N-doped porous reduced graphene oxide as an efficient electrode material for high performance flexible solid-state supercapacitor

Abstract

Supercapacitors (SCs) are energy storage devices with an immense potential to resolve energy related issues. Being a low cost, durable and multifunctional material, graphene and its derivatives are the most promising candidates for SCs. Here, we report the synthesis of N-doped porous reduced graphene (N-pGr) and its use for the fabrication of all-solid-state supercapacitor (ASSC) device. The N-pGr exhibited a specific capacitance of 230Fg−1 at 1Ag−1 current density and good capacitance retention up to ∼88% even after 10,000 galvanostatic charge–discharge cycles recorded at 5Ag−1 fabricated in a solid-state supercapacitor. The synergistic effect of the porosity and N-doping is believed to be the underlying principle for the improved charge storage ability when compared to other reports.

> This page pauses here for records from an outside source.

Lemma Adom_principal_zz b y :
  Adom (principal_zz b) y <-> exists w, rng C w = src C b /\ y = comp C b w.
Proof.
  unfold Adom, zgraph, principal_zz, zlist; simpl. split.
  - intros [w [y0 [-> [Hy [Hw Hbw]]]]]. exists w. rewrite src_id in Hy.
    rewrite <- Hy, comp_id_l in Hbw. auto.
  - intros [w [Hw ->]]. assert (Hr : rng C (comp C b w) = rng C b) by (apply rng_comp; auto).
    exists w, (comp C b w). split; [reflexivity|split; [|split]]; auto.
    + rewrite src_id; exact Hr.
    + rewrite <- Hr at 1. apply comp_id_l.
Qed.

(* phi = sigma^{b'} tau^b sigma^a tau^{r(a)}, whose domain is {ag : bg ∈ b'Λ} *)
Definition factor_zz (b' b a : Mor C) : zz C := ((b', b), [(a, idm C (rng C a))]).

Lemma factor_zz_zigzag b' b a : rng C b' = rng C b -> src C a = src C b ->
  is_zigzag (factor_zz b' b a) /\ zsrc (factor_zz b' b a) = rng C a.
Proof.
  intros Hr Hs. unfold is_zigzag, zsrc, factor_zz, zlist; simpl.
  rewrite rng_id, src_id. repeat split; congruence.
Qed.

Lemma Adom_factor_zz b' b a x : src C a = src C b ->
  Adom (factor_zz b' b a) x <-> exists g h, rng C g = src C a /\ x = comp C a g /\
     rng C h = src C b' /\ comp C b g = comp C b' h.
Proof.
  intros Hs. unfold Adom, zgraph, factor_zz, zlist; simpl. split.
  - intros [h [g [[y0 [-> [Hy [Hg Hag]]]] [Hg' [Hh Hbg]]]]].
    exists g, h. rewrite src_id in Hy. rewrite <- Hy, comp_id_l in Hag. auto.
  - intros [g [h [Hg [-> [Hh Hbg]]]]].
    assert (Hr : rng C (comp C a g) = rng C a) by (apply rng_comp; auto).
    exists h, g. split; [|split; [congruence|split]]; auto.
    exists (comp C a g). split; [reflexivity|split; [|split]]; auto.
    + rewrite src_id; exact Hr.
    + rewrite <- Hr at 1. apply comp_id_l.
Qed.

Section LeftCancellative.
Hypothesis Hlc : left_cancellative C.

Lemma zgraph_list_functional {l} {x y y' : Mor C} :
  zgraph_list C l x y -> zgraph_list C l x y' -> y = y'.
Proof.
  revert y y'; induction l as [|[a b] l IH]; simpl; intros y y' H H'; [congruence|].
  destruct H as [y0 [H0 [Hy0 [Hy Hab]]]], H' as [y0' [H0' [_ [Hy' Hab']]]].
  rewrite <- (IH _ _ H0 H0') in Hab'. apply (Hlc a); congruence.
Qed.

Lemma A_ring_not_factor v (b' b a : Mor C) :
  rng C a = v -> src C a = src C b -> rng C b' = rng C b ->
  A_ring C v (fun x => exists g, rng C g = src C a /\ x = comp C a g /\
                 ~ exists h, rng C h = src C b' /\ comp C b g = comp C b' h).
Proof.
  intros Hv Hs Hr. destruct (principal_zz_zigzag a) as [Za Zas].
  destruct (factor_zz_zigzag b' b a Hr Hs) as [Zf Zfs].
  apply A_ring_ext with (E := fun x => Adom (principal_zz a) x /\ ~ Adom (factor_zz b' b a) x).
  { apply A_ring_diff; apply A_ring_Adom; congruence. }
  intros x. rewrite Adom_principal_zz, Adom_factor_zz by exact Hs. split.
  - intros [[g [Hg ->]] Hnf]. exists g. split; [exact Hg|split; [reflexivity|]].
    intros [h Hh]. apply Hnf. exists g, h. tauto.
  - intros [g [Hg [-> Hnf]]]. split; [exists g; auto|].
    intros [g' [h [Hg' [Hag [Hh Hbg]]]]].
    apply (Hlc a) in Hag; [subst g'|congruence|congruence].
    apply Hnf. exists h; auto.
Qed.

(* Every member of W meets F0 ⊆ xΛ, and phi_zb sends xg to b'g, which lies outside F. *)
Lemma Phi_separated {v} {za zb : zz C} {W : family C} {F0 F : Mor C -> Prop} {x b b' : Mor C} :
  is_filter v W -> W F0 ->
  (forall y, F0 y -> exists g, rng C g = src C x /\ y = comp C x g) ->
  zgraph za x b -> zgraph zb x b' -> A_ring C (zrng za) F ->
  (forall g, rng C g = src C x -> F0 (comp C x g) -> F (comp C b g) /\ ~ F (comp C b' g)) ->
  Phi za W F /\ ~ Phi zb W F.
Proof.
  intros HW HWF0 HF0x Hb Hb' HF Hsep. split.
  - split; [exact HF|]. exists F0. split; [exact HWF0|].
    intros y [y0 [Hy0 [_ Hy0y]]]. destruct (HF0x y0 Hy0) as [g [Hg ->]].
    rewrite (zgraph_list_functional Hy0y (zgraph_list_comp_r Hb Hg)).
    apply Hsep; auto.
  - intros [_ [E2 [HWE2 HE2F]]].
    destruct (filter_nonempty HW (filter_inter HW HWE2 HWF0)) as [y [HE2y HF0y]].
    destruct (HF0x y HF0y) as [g [Hg ->]].
    apply (Hsep g Hg HF0y), HE2F. exists (comp C x g).
    pose proof (zgraph_list_comp_r Hb' Hg) as Hxg.
    split; [exact HE2y|split; [exists (comp C b' g)|]]; exact Hxg.
Qed.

Significantly, the porous nature of N-pGr contributes in increasing the electroactive surface area for the formation of electrical double layer as well as facilitating the faster movement of electrolyte ions inside the electrode network. N-doping is believed to change the electrical properties of the electrode material and also to participate in the pseudo-capacitance which helped to boost the overall capacitance of the fabricated device. The good capacitance retention provides the room for making robust flexible solid-state supercapacitor (FSSC) with the N-pGr material.